〈企業・経済深層レポート〉 三重苦のテーマパーク業界[埼玉・飯能]ムーミンランド大コケの気配 (2/2ページ)
そもそも、テーマパーク業界自体が下火だという。
「テーマパーク業界は、多様化、少子高齢化、消費低迷の三重苦で、かなり厳しい。アベノミクスが好調といってもテーマパークが絶好調時のバブルの頃とは勢いが違います」(観光業界関係者)

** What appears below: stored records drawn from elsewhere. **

(* Let $F$ be a field without maximal subrings and $D$ a non-commutative division ring with center $F$. If $R$ is a maximal subring of $D$, then $F\subseteq R$.
   Context: All rings are associative unital and subrings share the identity. A maximal subring of a ring $T$ is a proper subring maximal under inclusion among proper subrings of $T$. *)

From mathcomp Require Import all_boot all_algebra.
Set Implicit Arguments. Unset Strict Implicit. Unset Printing Implicit Defensive.
Import GRing.Theory.
Local Open Scope ring_scope.

Definition is_subring (T : unitRingType) (S : T -> Prop) : Prop :=
  [/\ S 1, (forall x y, S x -> S y -> S (x - y))
    & (forall x y, S x -> S y -> S (x * y))].

Definition center (T : unitRingType) : T -> Prop :=
  fun x => forall y : T, x * y = y * x.

(* D is a division ring: every nonzero element is a unit
   (a unitRingType is already nontrivial, 1 != 0). *)
Definition is_division_ring (T : unitRingType) : Prop :=
  forall x : T, x != 0 -> x \is a GRing.unit.

Definition maximal_subring_of (T : unitRingType) (A S : T -> Prop) : Prop :=
  [/\ is_subring S,
      (forall x, S x -> A x),
      (exists x, A x /\ ~ S x)
    & (forall S' : T -> Prop, is_subring S' ->
         (forall x, S x -> S' x) ->
         (forall x, S' x -> A x) ->
         (exists x, A x /\ ~ S' x) ->
         forall x, S' x -> S x)].

(** Let [F] be the center of [D].  For every [z ∈ F \ R] we show that [F] is
    contained in [(R ∩ F)[z]]; hence if [F ⊄ R], then [R ∩ F] is a maximal
    subring of [F].

    Maximality of [R] gives [R[z] = D].  If [z⁻¹ ∈ R], every central [f] is
    [(f z⁻ⁿ) zⁿ] with [f z⁻ⁿ ∈ R ∩ F].  Otherwise also [R[z⁻¹] = D], so [z] is
    integral over [R] and [D = R + zR + ... + z^(N-1)R] with [N] minimal.
    Minimality, together with the invertibility of the nonzero elements of [R],
    makes [1, z, ..., z^(N-1)] independent over [R]; comparing coefficients in
    [r f = f r] then shows that a central [f] has central coefficients. *)
From Stdlib Require Import Classical Wf_nat.
From mathcomp Require Import all_boot all_algebra.
Set Implicit Arguments. Unset Strict Implicit. Unset Printing Implicit Defensive.
Import GRing.Theory.
Local Open Scope ring_scope.

Section Subring.
Variables (T : unitRingType) (S : T -> Prop).
Hypothesis hS : is_subring S.

Lemma subring1 : S 1. Proof. by case: hS. Qed.

Lemma subringB x y : S x -> S y -> S (x - y). Proof. by case: hS => _ + _; apply. Qed.

Lemma subringM x y : S x -> S y -> S (x * y). Proof. by case: hS => _ _; apply. Qed.

Lemma subring0 : S 0. Proof. by rewrite -(subrr 1); apply: subringB; apply: subring1. Qed.

Lemma subringN x : S x -> S (- x).
Proof. by move=> Sx; rewrite -sub0r; apply: subringB Sx; apply: subring0. Qed.

Lemma subringD x y : S x -> S y -> S (x + y).
Proof. by move=> Sx Sy; rewrite -(opprK y); apply: subringB Sx (subringN Sy). Qed.

End Subring.

Lemma subringI (T : unitRingType) (S S' : T -> Prop) :
  is_subring S -> is_subring S' -> is_subring (fun x => S x /\ S' x).
Proof.
move=> hS hS'; split; first by split; apply: subring1.
- by move=> x y [Sx S'x] [Sy S'y]; split; apply: subringB.
- by move=> x y [Sx S'x] [Sy S'y]; split; apply: subringM.
Qed.

Lemma center_subring (T : unitRingType) : is_subring (@center T).
Proof.
split; first by move=> y; rewrite mul1r mulr1.
- by move=> x y hx hy z; rewrite mulrBl mulrBr hx hy.
- by move=> x y hx hy z; rewrite -mulrA hy mulrA hx mulrA.
Qed.

Lemma centerX (T : unitRingType) (z : T) n : center z -> center (z ^+ n).
Proof. by move=> hz y; apply/commr_sym/commrX/commr_sym; rewrite /GRing.comm hz. Qed.

Lemma centerV (T : unitRingType) (z : T) : center z -> center z^-1.
Proof. by move=> hz y; apply/commr_sym/commrV/commr_sym; rewrite /GRing.comm hz. Qed.

Lemma maximal_subring_full (T : unitRingType) (R Q : T -> Prop) :
  maximal_subring_of (fun _ => True) R -> is_subring Q -> (forall x, R x -> Q x) ->
  forall s, Q s -> ~ R s -> forall x, Q x.
Proof.
case=> _ _ _ Rmax hQ RQ s Qs nRs x; apply: NNPP => nQx.
by apply: nRs; apply: (Rmax Q hQ RQ) => //; exists x.
Qed.

(* [pow_span R z n] is [R + z R + ... + z^(n-1) R], in Horner form. *)
Fixpoint pow_span (T : unitRingType) (R : T -> Prop) (z : T) (n : nat) : T -> Prop :=
  if n is n'.+1 then fun d => exists r d', [/\ R r, pow_span R z n' d' & d = r + z * d']
  else fun d => d = 0.

Section PowSpan.
Variables (T : unitRingType) (R : T -> Prop) (z : T).
Hypothesis hR : is_subring R.
Hypothesis hz : center z.
Local Notation span := (pow_span R z).

Lemma pow_span0 n : span n 0.
Proof.
elim: n => [|n IH] //=; exists 0, 0.
by split=> //; [apply: subring0 | rewrite mulr0 addr0].
Qed.

Lemma pow_spanS n d : span n d -> span n.+1 d.
Proof.
elim: n d => [|n IH] d /=.
  by move=> ->; exists 0, 0; split=> //; [apply: subring0 | rewrite mulr0 addr0].
by case=> r [d' [Rr hd' ->]]; exists r, d'; split=> //; apply: IH.
Qed.

Lemma pow_span_le n m d : (n <= m)%N -> span n d -> span m d.
Proof.
move=> /subnK <-; elim: (m - n)%N => [|k IH] hd; first by rewrite add0n.
by rewrite addSn; apply/pow_spanS/IH.
Qed.

Lemma pow_spanB n a b : span n a -> span n b -> span n (a - b).
Proof.
elim: n a b => [|n IH] a b /=; first by move=> -> ->; rewrite subr0.
case=> r [a' [Rr ha ->]] [r' [b' [Rr' hb ->]]].
exists (r - r'), (a' - b'); split; [exact: subringB | exact: IH |].
by rewrite mulrBr opprD addrACA.
Qed.

Lemma pow_spanD n a b : span n a -> span n b -> span n (a + b).
Proof.
move=> ha hb; rewrite -(opprK b) -(sub0r b).
by apply/pow_spanB/pow_spanB => //; apply: pow_span0.
Qed.

Lemma pow_span_const n r : R r -> span n.+1 r.
Proof.
by move=> Rr; exists r, 0; split=> //; [apply: pow_span0 | rewrite mulr0 addr0].
Qed.

Lemma pow_spanMz n d : span n d -> span n.+1 (z * d).
Proof. by move=> hd; exists 0, d; split=> //; [apply: subring0 | rewrite add0r]. Qed.

Lemma pow_spanXz n k d : span n d -> span (n + k) (z ^+ k * d).
Proof.
move=> hd; elim: k => [|k IH]; first by rewrite addn0 expr0 mul1r.
by rewrite addnS exprS -mulrA; apply: pow_spanMz.
Qed.

Lemma pow_spanMr n r d : R r -> span n d -> span n (d * r).
Proof.
move=> Rr; elim: n d => [|n IH] d /=; first by move=> ->; rewrite mul0r.
case=> r0 [d' [Rr0 hd ->]]; exists (r0 * r), (d' * r).
by split; [exact: subringM | exact: IH | rewrite mulrDl mulrA].
Qed.

Lemma pow_spanMl n r d : R r -> span n d -> span n (r * d).
Proof.
move=> Rr; elim: n d => [|n IH] d /=; first by move=> ->; rewrite mulr0.
case=> r0 [d' [Rr0 hd ->]]; exists (r * r0), (r * d').
by split; [exact: subringM | exact: IH | rewrite mulrDr mulrA -hz mulrA].
Qed.

Lemma pow_spanM n m a b : span n a -> span m b -> span (n + m) (a * b).
Proof.
elim: n a => [|n IH] a; first by move=> /= -> _; rewrite mul0r; apply: pow_span0.
case=> r [a' [Rr ha ->]] hb; rewrite mulrDl -mulrA addSn.
apply: pow_spanD; last exact/pow_spanMz/IH.
by apply: pow_span_le (pow_spanMl Rr hb); rewrite leqW // leq_addl.
Qed.

Lemma pow_span_monomial n a : R a -> span n.+1 (a * z ^+ n).
Proof.
by move=> Ra; have := pow_spanXz n (pow_span_const 0 Ra); rewrite add1n centerX.
Qed.

Lemma pow_span_split n d :
  span n.+1 d -> exists p a, [/\ span n p, R a & d = p + a * z ^+ n].
Proof.
elim: n d => [|n IH] d /=.
  by case=> r [d' [Rr -> ->]]; exists 0, r; rewrite mulr0 addr0 add0r expr0 mulr1.
case=> r [d' [Rr /IH [p [a [hp Ra ->]]] ->]].
exists (r + z * p), a; split=> //; first by exists r, p; split.
by rewrite mulrDr addrA exprS mulrA (hz a) -mulrA.
Qed.

Lemma pow_span_subring : is_subring (fun d => exists n, span n d).
Proof.
split; first by exists 1%N; apply: pow_span_const; apply: subring1.
- move=> x y [n hx] [m hy]; exists (maxn n m).
  by apply: pow_spanB; [apply: pow_span_le hx | apply: pow_span_le hy];
    rewrite ?leq_maxl ?leq_maxr.
- by move=> x y [n hx] [m hy]; exists (n + m)%N; apply: pow_spanM.
Qed.

Lemma pow_span_full :
  maximal_subring_of (fun _ => True) R -> ~ R z -> forall d, exists n, span n d.
Proof.
move=> Rmax nRz; apply: (maximal_subring_full Rmax pow_span_subring) nRz.
- by move=> x Rx; exists 1%N; apply: pow_span_const.
- by exists 2%N; have := pow_spanMz (pow_span_const 0 (subring1 hR)); rewrite mulr1.
Qed.

(* Once [z^N] lies in [span N], so does [z * span N]. *)
Lemma pow_span_stable N m d : span N (z ^+ N) -> span m d -> span N d.
Proof.
move=> hN; elim: m d => [|m IH] d /=; first by move=> ->; apply: pow_span0.
case=> r [d' [Rr /IH hd' ->]]; apply: pow_spanD.
  apply: pow_span_le (pow_span_const 0 Rr).
  by case: (N) hN => // /eqP; rewrite expr0 oner_eq0.
have [p [a [hp Ra ->]]] := pow_span_split (pow_spanMz hd').
by apply: pow_spanD => //; apply: pow_spanMl.
Qed.

Lemma pow_span_sub n d : R z -> span n d -> R d.
Proof.
move=> Rz; elim: n d => [|n IH] d /=; first by move=> ->; apply: subring0.
by case=> r [d' [Rr /IH Rd' ->]]; exact: (subringD hR Rr (subringM hR Rz Rd')).
Qed.

Lemma pow_span_min (S : T -> Prop) n d :
  is_subring S -> (forall r, R r -> S r) -> S z -> span n d -> S d.
Proof.
move=> hS RS Sz; elim: n d => [|n IH] d /=; first by move=> ->; apply: subring0.
by case=> r [d' [Rr /IH Sd' ->]]; exact: (subringD hS (RS r Rr) (subringM hS Sz Sd')).
Qed.

Lemma pow_span_comm n a d :
  (forall r, R r -> a * r = r * a) -> span n d -> a * d = d * a.
Proof.
move=> aR; elim: n d => [|n IH] d /=; first by move=> ->; rewrite mulr0 mul0r.
case=> r [d' [Rr hd ->]].
by rewrite mulrDr mulrDl aR // mulrA -hz -mulrA IH // mulrA.
Qed.

Lemma pow_span_lower k b : R b -> span k (b * z ^+ k) ->
  forall m d, span (k + m) d -> span k (b ^+ m * d).
Proof.
move=> Rb hbk; have lower i d : span (k + i).+1 d -> span (k + i) (b * d).
  case/pow_span_split => p [a [hp Ra ->]]; rewrite mulrDr.
  apply: pow_spanD; first exact: pow_spanMl.
  have -> : b * (a * z ^+ (k + i)) = z ^+ i * (b * z ^+ k * a).
    by rewrite exprD (centerX i hz) -!mulrA !(mulrA a) -(centerX k hz a) !mulrA.
  exact/pow_spanXz/pow_spanMr.
elim=> [|m IH] d hd; first by rewrite expr0 mul1r; rewrite addn0 in hd.
by rewrite exprSr -mulrA; apply/IH/lower; rewrite -addnS.
Qed.

End PowSpan.

Lemma pow_span_inv (T : unitRingType) (R : T -> Prop) (z w : T) n d :
  is_subring R -> center z -> center w -> z * w = 1 ->
  pow_span R z n d -> pow_span R w n.+1 (d * w ^+ n).
Proof.
move=> hR hz hw zw; elim: n d => [|n IH] d.
  by move=> d0; rewrite (d0 : d = 0) mul0r; apply: pow_span0.
case=> r [d' [Rr /IH hd ->]].
have -> : (r + z * d') * w ^+ n.+1 = r * w ^+ n.+1 + d' * w ^+ n.
  by rewrite mulrDl exprS (hz d') -!mulrA (mulrA z) zw mul1r.
by apply: pow_spanD => //; [apply: pow_span_monomial | apply: pow_spanS].
Qed.

Section MinimalRank.
Variables (T : unitRingType) (R : T -> Prop) (z : T) (N : nat).
Hypothesis division : is_division_ring T.
Hypothesis hR : is_subring R.
Hypothesis hz : center z.
Hypothesis span_full : forall d, pow_span R z N d.
Hypothesis span_minimal : forall k, pow_span R z k (z ^+ k) -> (N <= k)%N.

Lemma pow_span_indep k b : (k < N)%N -> R b -> pow_span R z k (b * z ^+ k) -> b = 0.
Proof.
(* Otherwise [z^k = b^(N-k) (b^-(N-k) z^k)] would lie in [pow_span R z k]. *)
move=> ltkN Rb hbk; apply: NNPP => /eqP b_neq0.
have bmU : b ^+ (N - k) \is a GRing.unit by apply/unitrX/division.
have := span_full ((b ^+ (N - k))^-1 * z ^+ k).
rewrite -{1}(subnKC (ltnW ltkN)) => /(pow_span_lower hR hz Rb hbk).
by rewrite mulrA mulrV // mul1r => /span_minimal; rewrite leqNgt ltkN.
Qed.

Lemma center_lead_coef m p a :
  (m < N)%N -> pow_span R z m p -> R a -> center (p + a * z ^+ m) -> center a.
Proof.
move=> ltmN hp Ra hc; have aR r : R r -> a * r = r * a.
  move=> Rr; apply/eqP; rewrite eq_sym -subr_eq0; apply/eqP.
  apply: (pow_span_indep ltmN).
    exact: (subringB hR (subringM hR Rr Ra) (subringM hR Ra Rr)).
  have := hc r; rewrite mulrDl mulrDr -mulrA (centerX m hz r) !mulrA => e.
  have -> : (r * a - a * r) * z ^+ m = p * r - r * p.
    rewrite mulrBl; have -> : r * a * z ^+ m = p * r + a * r * z ^+ m - r * p.
      by rewrite e addrAC subrr add0r.
    by rewrite addrAC addrK.
  exact: (pow_spanB hR (pow_spanMr hR Rr hp) (pow_spanMl hR hz Rr hp)).
by move=> y; exact: (pow_span_comm hz aR (span_full y)).
Qed.

Lemma center_pow_span m d : (m <= N)%N -> pow_span R z m d -> center d ->
  pow_span (fun c => center c /\ R c) z m d.
Proof.
elim: m d => [|m IH] d // lemN /(pow_span_split hz) [p [a [hp Ra ->]]] hc.
have ca : center a := center_lead_coef lemN hp Ra hc.
have cp : center p.
  rewrite -(addrK (a * z ^+ m) p).
  exact: (subringB (center_subring T) hc (subringM (center_subring T) ca (centerX m hz))).
have hRF := subringI (center_subring T) hR.
apply: pow_spanD => //; first exact/pow_spanS/IH/cp/hp/ltnW.
exact: pow_span_monomial.
Qed.

End MinimalRank.

Lemma pow_span_finite_rank (T : unitRingType) (R : T -> Prop) (z : T) :
  maximal_subring_of (fun _ => True) R -> center z -> z \is a GRing.unit ->
  ~ R z -> ~ R z^-1 ->
  exists N, (forall d, pow_span R z N d) /\
            (forall k, pow_span R z k (z ^+ k) -> (N <= k)%N).
Proof.
move=> Rmax hz zU nRz nRzi; have hR : is_subring R by case: Rmax.
have [k hk] := pow_span_full hR (centerV hz) Rmax nRzi z.
have hex : exists N, pow_span R z N (z ^+ N).
  exists k.+1; rewrite exprS.
  exact: (pow_span_inv hR (centerV hz) hz (mulVr zU) hk).
have [N [[hN Nmin] _]] :=
  @dec_inh_nat_subset_has_unique_least_element _ (fun n => classic _) hex.
exists N; split; last by move=> j /Nmin /leP.
by move=> d; have [m hm] := pow_span_full hR hz Rmax nRz d; apply: pow_span_stable hm.
Qed.

Lemma center_sub_pow_span (T : unitRingType) (R : T -> Prop) (z : T) :
  is_division_ring T -> maximal_subring_of (fun _ => True) R -> center z -> ~ R z ->
  forall f, center f -> exists n, pow_span (fun c => center c /\ R c) z n f.
Proof.
move=> division Rmax hz nRz f hf; have hR : is_subring R by case: Rmax.
have hRF := subringI (center_subring T) hR.
have zU : z \is a GRing.unit.
  by apply/division/eqP => z0; apply: nRz; rewrite z0; apply: subring0.
have [Rzi | nRzi] := classic (R z^-1).
  have [n hn] := pow_span_full hR hz Rmax nRz f.
  have Rc : R (f * z^-1 ^+ n).
    exact: (pow_span_sub hR Rzi (pow_span_inv hR hz (centerV hz) (mulrV zU) hn)).
  have cc : center (f * z^-1 ^+ n).
    exact: (subringM (center_subring T) hf (centerX n (centerV hz))).
  have -> : f = f * z^-1 ^+ n * z ^+ n.
    by rewrite -mulrA -exprMn_comm ?mulVr ?expr1n ?mulr1 // /GRing.comm hz.
  by exists n.+1; apply: pow_span_monomial.
have [N [span_full span_minimal]] := pow_span_finite_rank Rmax hz zU nRz nRzi.
by exists N; apply: (center_pow_span division hR hz span_full span_minimal (leqnn N)).
Qed.

Theorem corollary2p8 (D : unitRingType) :
  is_division_ring D ->
  (exists x y : D, x * y != y * x) ->
  (* the field F := center D has no maximal subrings *)
  (forall S : D -> Prop, ~ maximal_subring_of (@center D) S) ->
  forall R : D -> Prop,
    maximal_subring_of (fun _ => True) R ->
    forall x : D, @center D x -> R x.
Proof.
move=> division _ noFmax R Rmax x Fx; apply: NNPP => nRx.
have hR : is_subring R by case: Rmax.
apply: (noFmax (fun c => center c /\ R c)); split.
- exact: (subringI (center_subring D) hR).
- by move=> c [].
- by exists x; split=> // -[].
move=> S hS RFS SF [y [Fy nSy]] z Sz; split; first exact: SF.
apply: NNPP => nRz; apply: nSy.
have [n hn] := center_sub_pow_span division Rmax (SF z Sz) nRz Fy.
exact: (pow_span_min hS RFS Sz hn).
Qed.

一部を除いて、ほとんどのテーマパークはバブル期を境に転落している。
「1990年に福岡・北九州市で、宇宙をテーマにした『スペースワールド』が開園しました。1997年度には、来場者数が年間216万人に達し隆盛を誇りましたが、徐々に入場者が減り経営が悪化。2004年3月期には351億円の累積損失がありました。そして2005年7月に、営業権をリゾート運営会社の加森観光に譲渡したのです」(観光事業関係者)

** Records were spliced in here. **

(* Let $d\ge 3$. If $w$ is a nonempty word over the alphabet $A=\{a_1,\dots,a_d\}$ (positive letters only, no inverses), then $w$ does not represent the identity element of $G_d$.
   Context: Let $d\ge 3$, $X=\{1,\dots,d\}$, $T$ the $d$-regular rooted tree with vertex set $X^*$. $\mathrm{Aut}(T)$ is the group of root-preserving automorphisms with product left-to-right: $(gh)(u)=h(g(u))$. Sections $g|_u$ are defined by $g(uv)=g(u)\,g|_u(v)$; we write $g=(g|_1,\dots,g|_d)\lambda_g$ with $\lambda_g\in S_d$ the action on the first level; $e$ is the identity; $\overline{j}\in\{1,\dots,d\}$ denotes $j$ mod $d$. $G_d=\langle a_1,\dots,a_d\rangle\le\mathrm{Aut}(T)$ where $a_i$ acts on the first level as $(i\ \overline{i+1})$, with $a_i|_i=a_i$, $a_i|_{\overline{i+1}}=a_{\overline{i+1}}$, and $a_i|_x=e$ otherwise. *)

From mathcomp Require Import all_boot.
Set Implicit Arguments. Unset Strict Implicit. Unset Printing Implicit Defensive.

(* Alphabet X = {1,...,d} is represented by 'I_d = {0,...,d-1}
   (letter j+1 of the paper <-> ordinal j); the cyclic successor
   j |-> \overline{j+1} is ordS.  Vertices of the d-regular rooted tree T
   are words over X, i.e. seq 'I_d. *)

(* Action of the generator a_i on vertices, defined by the wreath recursion
   a_i = (a_i|_1,...,a_i|_d) (i  i+1) with a_i|_i = a_i,
   a_i|_{i+1} = a_{i+1}, and a_i|_x = e otherwise:
     a_i (i v)     = (i+1) a_i(v)
     a_i ((i+1) v) = i a_{i+1}(v)
     a_i (x v)     = x v            otherwise. *)
Fixpoint gen_act (d : nat) (i : 'I_d) (u : seq 'I_d) : seq 'I_d :=
  match u with
  | [::] => [::]
  | x :: v =>
      if x == i then ordS i :: gen_act i v
      else if x == ordS i then i :: gen_act (ordS i) v
      else x :: v
  end.

(* A word w = a_{i1} a_{i2} ... a_{ik} (positive letters), read as an element
   of Aut(T) with the left-to-right product (gh)(u) = h(g(u)): apply a_{i1}
   first, then a_{i2}, ... *)
Definition word_act (d : nat) (w : seq 'I_d) (u : seq 'I_d) : seq 'I_d :=
  foldl (fun v i => gen_act i v) u w.

Definition represents_identity (d : nat) (w : seq 'I_d) : Prop :=
  forall u : seq 'I_d, word_act w u = u.

From mathcomp Require Import all_boot zify.

Set Implicit Arguments.
Unset Strict Implicit.

(** A word [w] acts on a vertex [x :: v] by moving the first letter to
    [word_perm w x] and acting on [v] by the section [word_section w x], which is
    again a positive word, no longer than [w]. Take a shortest nonempty word [w]
    representing the identity. Its sections also represent the identity, so each
    of them is either empty or as long as [w]. Following the sections at [i] and
    at [i+1] (for [w] starting with [a_i]) shows that both have full length
    only if [w] starts with [a_i a_i], because for [d >= 3] the points [i],
    [i+1], [i+2] are distinct. But then the
    section of [w] at [i] starts with [a_i a_(i+1)], contradicting the same fact
    for that section. *)

Section WordSections.
Variable d : nat.
Implicit Types (i x : 'I_d) (w : seq 'I_d).

Definition gen_perm i x : 'I_d :=
  if x == i then ordS i else if x == ordS i then i else x.

Definition gen_section i x : seq 'I_d :=
  if x == i then [:: i] else if x == ordS i then [:: ordS i] else [::].

Fixpoint word_perm w x : 'I_d :=
  if w is i :: w' then word_perm w' (gen_perm i x) else x.

Fixpoint word_section w x : seq 'I_d :=
  if w is i :: w' then gen_section i x ++ word_section w' (gen_perm i x)
  else [::].

Lemma word_act_cat (s t u : seq 'I_d) :
  word_act (s ++ t) u = word_act t (word_act s u).
Proof. by rewrite /word_act foldl_cat. Qed.

Lemma gen_act_cons i x (v : seq 'I_d) :
  gen_act i (x :: v) = gen_perm i x :: word_act (gen_section i x) v.
Proof. by rewrite /= /gen_perm /gen_section; case: (x == i); case: (x == ordS i). Qed.

Lemma word_act_cons w x (v : seq 'I_d) :
  word_act w (x :: v) = word_perm w x :: word_act (word_section w x) v.
Proof.
elim: w x v => [|i w IHw] x v //.
rewrite -[word_act (i :: w) _]/(word_act w (gen_act i (x :: v))).
by rewrite gen_act_cons IHw -word_act_cat.
Qed.

Lemma represents_identity_section w x :
  represents_identity w -> represents_identity (word_section w x).
Proof. by move=> idw v; have := idw (x :: v); rewrite word_act_cons => -[]. Qed.

Lemma size_gen_section i x : size (gen_section i x) = ((x == i) || (x == ordS i)).
Proof. by rewrite /gen_section; case: (x == i); case: (x == ordS i). Qed.

Lemma size_word_section w x : size (word_section w x) <= size w.
Proof.
elim: w x => [|i w IHw] x //=.
by rewrite size_cat size_gen_section -add1n leq_add ?leq_b1.
Qed.

Lemma full_section_cons i w x :
  size (word_section (i :: w) x) = (size w).+1 ->
  ((x == i) || (x == ordS i)) /\ size (word_section w (gen_perm i x)) = size w.
Proof.
rewrite /= size_cat size_gen_section.
by have := size_word_section w (gen_perm i x); case: (_ || _) => /=; lia.
Qed.

Lemma val_ordS i : nat_of_ord (ordS i) = if i.+1 == d then 0 else i.+1.
Proof.
rewrite /=; case: eqP => [->|]; first exact: modnn.
by have := ltn_ord i; rewrite leq_eqVlt => /orP [/eqP //|/modn_small].
Qed.

Lemma ordS_neq : 1 < d -> forall i, ordS i != i.
Proof.
move=> d_gt1 i; apply/eqP => /(congr1 (@nat_of_ord d)).
by rewrite val_ordS; case: eqP; lia.
Qed.

Hypothesis d_ge3 : 3 <= d.
Let d_gt1 : 1 < d := ltnW d_ge3.

Lemma ordS2_neq i : ordS (ordS i) != i.
Proof.
apply/eqP => /(congr1 (@nat_of_ord d)); rewrite !val_ordS.
by have := ltn_ord i; do 2 case: eqP; rewrite ?val_ordS; lia.
Qed.

Lemma full_sections_head_eq i j w :
  size (word_section [:: i, j & w] i) = (size w).+2 ->
  size (word_section [:: i, j & w] (ordS i)) = (size w).+2 -> j = i.
Proof.
move=> /full_section_cons [_]; rewrite /gen_perm eqxx => /full_section_cons [Si _].
move=> /full_section_cons [_]; rewrite /gen_perm (negbTE (ordS_neq d_gt1 i)) eqxx.
move=> /full_section_cons [] /orP [/eqP -> //|/eqP ij] _.
move: Si => /orP [/eqP ji|/eqP /ordS_inj -> //].
by move: (ordS2_neq j); rewrite -ij ji eqxx.
Qed.

Section ShortestIdentity.
Variable w : seq 'I_d.
Hypothesis w_shortest :
  forall v : seq 'I_d, 0 < size v < size w -> ~ represents_identity v.

Lemma shortest_identity_full_section x :
  represents_identity w -> word_section w x != [::] ->
  size (word_section w x) = size w.
Proof.
move=> idw sec_nonempty; apply/eqP; rewrite eqn_leq size_word_section leqNgt.
apply/negP => sec_short.
move: (represents_identity_section x idw); apply: w_shortest.
by rewrite sec_short andbT lt0n size_eq0.
Qed.

Lemma shortest_identity_head :
  represents_identity w -> w != [::] -> exists i w', w = [:: i, i & w'].
Proof.
move=> idw; case E: w => [//|i [|j w']] _.
  have := idw [:: i]; rewrite E /= eqxx => -[] /eqP.
  by rewrite (negbTE (ordS_neq d_gt1 i)).
exists i, w'; congr [:: _, _ & _].
have full_sec x : word_section w x != [::] -> size (word_section w x) = (size w').+2.
  by move=> sec_nonempty; rewrite shortest_identity_full_section // E.
apply: (full_sections_head_eq (w := w')); rewrite -E full_sec // E /=.
- by rewrite /gen_section eqxx.
- by rewrite /gen_section (negbTE (ordS_neq d_gt1 i)) eqxx.
Qed.

End ShortestIdentity.
End WordSections.

Theorem theorem3p8 (d : nat) (hd : 3 <= d) (w : seq 'I_d) :
  w != [::] -> ~ represents_identity w.
Proof.
have [n] := ubnP (size w); elim: n w => // n IHn w /ltnSE size_w w_nil idw.
have w_shortest (v : seq 'I_d) : 0 < size v < size w -> ~ represents_identity v.
  move=> /andP [v_pos v_short]; apply: IHn; [lia | by rewrite -size_eq0 -lt0n].
have [i [w' Ew]] := shortest_identity_head hd w_shortest idw w_nil.
have sec_nonempty : word_section w i != [::] by rewrite Ew /= /gen_section eqxx.
have sec_shortest (v : seq 'I_d) :
    0 < size v < size (word_section w i) -> ~ represents_identity v.
  by rewrite (shortest_identity_full_section w_shortest idw sec_nonempty); apply: w_shortest.
have [k [v]] := shortest_identity_head hd sec_shortest
  (represents_identity_section i idw) sec_nonempty.
rewrite Ew /= /gen_section /gen_perm eqxx (negbTE (ordS_neq (ltnW hd) i)) eqxx /=.
by case=> <- /eqP; rewrite (negbTE (ordS_neq (ltnW hd) i)).
Qed.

加森観光は、経営に行き詰まったリゾート施設を買収することによって事業を拡大した。いわば、リゾート再建のプロである。
一時は業績も回復したが、それでも客足は遠のき、スペースワールドは2018年の元旦で長い歴史に幕を閉じた。
長崎・佐世保市にあるテーマパーク「ハウステンボス」も苦しい経営が続いている。
「ハウステンボスは1992年に、2000億円規模の費用をかけて開園。当初は、350万人もの入場者数を誇りましたが、その後は立地の悪さとイベントのマンネリなどから客足が激減。経営に行き詰まり、2003年には民事再生法を申請しています。2010年には、名経営者の澤田秀雄社長率いるHIS(エイチ・アイ・エス)が経営再建に乗り出し、世界最大のイルミネーション(約1300万球)が話題を呼び一時は持ち直した。しかし、2016年の熊本地震をきっかけに客離れが加速して、再び経営が厳しいともっぱらの噂です」(同)

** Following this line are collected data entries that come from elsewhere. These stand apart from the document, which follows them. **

Theorem proposition3 (K : nuRingType) (I : K -> Prop) :
  is_ideal I -> fin_gen_ring K -> quotient_add_fg I -> fin_sep_on I -> fin_sep K.
Proof.
move=> idI _ /spans_mod_quotient_add_fg [g gI] sepI r A _ subA _ nAr.
have subI := ideal_subring idI.
have [[a0 [i0 [Aa0 Ii0 er]]] | nAIr] := EM (add_pred A I r); last first.
  exact: fin_separates_of_spans_mod subA idI gI nAIr.
have nAIi0 : ~ (A i0 /\ I i0).
  by case=> Ai0 _; apply: nAr; rewrite er; apply: (addsubD (subring_addsubgroup subA) Aa0 Ai0).
have [F [f [finF homf nsep]]] := sepI i0 _ Ii0 (subringI subA subI) (fun _ => @proj2 _ _) nAIi0.
have [gm gM] := spans_mod_core idI gI finF homf.
apply: (fin_separates_of_spans_mod subA (core_ideal (addsubgroup_kernel_on subI homf)) gM).
by apply: not_add_pred_kernel subA subI homf _ Aa0 Ii0 er nsep => m [].
Qed.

2017年、愛知・名古屋市に新設された「レゴランド・ジャパン」も、開業半年で入場者数100万人は達成したものの、年間200万人には届かず、入場料の値下げを余儀なくされている。
奇跡の大復活をした大阪の「USJ(ユニバーサル・スタジオ・ジャパン)」や世界屈指のテーマパークとして定着した、千葉・幕張の「東京ディズニーランド」などを除けば、どこのテーマパークも厳しい経営なのが実情だ。
ムーミンランドは、従来のテーマパークを逸脱した路線で、果たして生き残れるのだろうか。